On the back subject we were going roughly 60-65 when I crashed. Back is all good now thanks for asking!!oof dude, breaking your brack on a g-out is up there on my nightmare scenarios list.
were you haulin the mail and flew off the one side?
Hope you're recovered from that.
I wanted to ask about this comment from early in the thread. Schreiner is on my list of rear end manufactureres to choose for my build, but this is the first negative comment i've seen. Do you have strong opinions about them? any thoughts on why the seals were bad?

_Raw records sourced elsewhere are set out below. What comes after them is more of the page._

Fixpoint diam (al : path) (phi : form) : form :=
  match al with
  | PMod a => FDia a phi
  | PNom j => FAt j phi
  | PTest psi => fAnd psi phi
  | PSeq a1 a2 => diam a1 (diam a2 phi)
  end.

Definition cmpf (b : bool) (c : Cmp) (al be : path) : form :=
  if b then FEq c al be else FNeq c al be.

Definition eqn (c : Cmp) (i j : nat) : form := FEq c (PNom i) (PNom j).
Definition neqn (c : Cmp) (i j : nat) : form := FNeq c (PNom i) (PNom j).

Fixpoint noms_f (phi : form) : list nat :=
  match phi with
  | FProp _ | FBot => []
  | FNom i => [i]
  | FImp a b => noms_f a ++ noms_f b
  | FAt i a => i :: noms_f a
  | FDia _ a => noms_f a
  | FEq _ a b | FNeq _ a b => noms_p a ++ noms_p b
  end
with noms_p (al : path) : list nat :=
  match al with
  | PMod _ => []
  | PNom i => [i]
  | PTest phi => noms_f phi
  | PSeq a b => noms_p a ++ noms_p b
  end.

Definition nom_in_seq (j : nat) (G D : list form) : Prop :=
  In j (flat_map noms_f (G ++ D)).

Record model : Type := Model {
  N : Type;
  n_inh : N;
  R : Mod -> N -> N -> Prop;
  E : Cmp -> N -> N -> Prop;
  E_refl : forall c x, E c x x;
  E_sym : forall c x y, E c x y -> E c y x;
  E_trans : forall c x y z, E c x y -> E c y z -> E c x z;
  g : nat -> N;
  V : nat -> N -> Prop
}.

Fixpoint fsat (M : model) (n : N M) (phi : form) {struct phi} : Prop :=
  match phi with
  | FProp p => V M p n
  | FNom i => g M i = n
  | FBot => False
  | FImp a b => fsat M n a -> fsat M n b
  | FAt i a => fsat M (g M i) a
  | FDia a b => exists n', R M a n n' /\ fsat M n' b
  | FEq c al be => exists n' n'', psat M al n n' /\ psat M be n n'' /\ E M c n' n''
  | FNeq c al be => exists n' n'', psat M al n n' /\ psat M be n n'' /\ ~ E M c n' n''
  end
with psat (M : model) (al : path) (n n' : N M) {struct al} : Prop :=
  match al with
  | PMod a => R M a n n'
  | PNom i => g M i = n'
  | PTest phi => n = n' /\ fsat M n phi
  | PSeq a b => exists n'', psat M a n n'' /\ psat M b n'' n'
  end.

Definition seq_elem (phi : form) : Prop :=
  match phi with
  | FAt _ _ => True
  | FEq _ (PNom _) (PNom _) => True
  | FNeq _ (PNom _) (PNom _) => True
  | _ => False
  end.

Definition wf_sequent (G D : list form) : Prop :=
  (forall phi, In phi G -> seq_elem phi) /\ (forall phi, In phi D -> seq_elem phi).

Definition valid_sequent (G D : list form) : Prop :=
  forall (M : model) (n : N M),
    (forall gam, In gam G -> fsat M n gam) -> exists del, In del D /\ fsat M n del.

Definition ax_form (phi : form) : Prop :=
  match phi with
  | FAt _ (FProp _) => True
  | FAt _ (FNom _) => True
  | FEq _ (PNom _) (PNom _) => True
  | _ => False
  end.

Definition s1_form (phi : form) : Prop :=
  match phi with
  | FProp _ | FBot => True
  | FDia _ (FNom _) => True
  | _ => False
  end.

Definition same_set (l1 l2 : list form) : Prop := forall x, In x l1 <-> In x l2.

As far as schreiner rear ends. My set up was the 2” snout with 31 spline gun drilled axles. The housing was not the fabbed housing but the 9” center section retubed by schreiner I think they have since upgrade those housing to a more fabricated stock style 9” center section (see the Bodj S-10) for example.With My housing I was always chasing cracks and leaks like every trip.
My rear end worked great when I had 35’s as soon as I went up to 37’s is when my hub issues started. The spindle nut lock ring is very chinsy the tab that locks into the cut out on the snout would constantly break and cause the spindle not to back out and ruin your weekend. I double stacked the rings on top of each other and never had one break again. Issue 2 the driver side snout was not reverse thread so the wheel rotation was trying to loosen it rather then tighten. Driver side broke the lock rings every time. Issue 3 (which it solvable with a lathe) is there are no crush sleeves on the hubs so the recommended torque was only like 32-flb’s unlink my Jamars that are hit the hub nut tool with a sledge hammer tight. 1 other weird problem that I found was the breather hole was to small and the housing would build enough pressure to cause the hubs seal to leak. I welded a -8 fitting on for a breather and the leaking stopped.
For the price tho you can’t really beat it. I’d recommend the bigger 3.5” fabbed housing and 35-40 spline set up if you plan on running anything over 35” tires.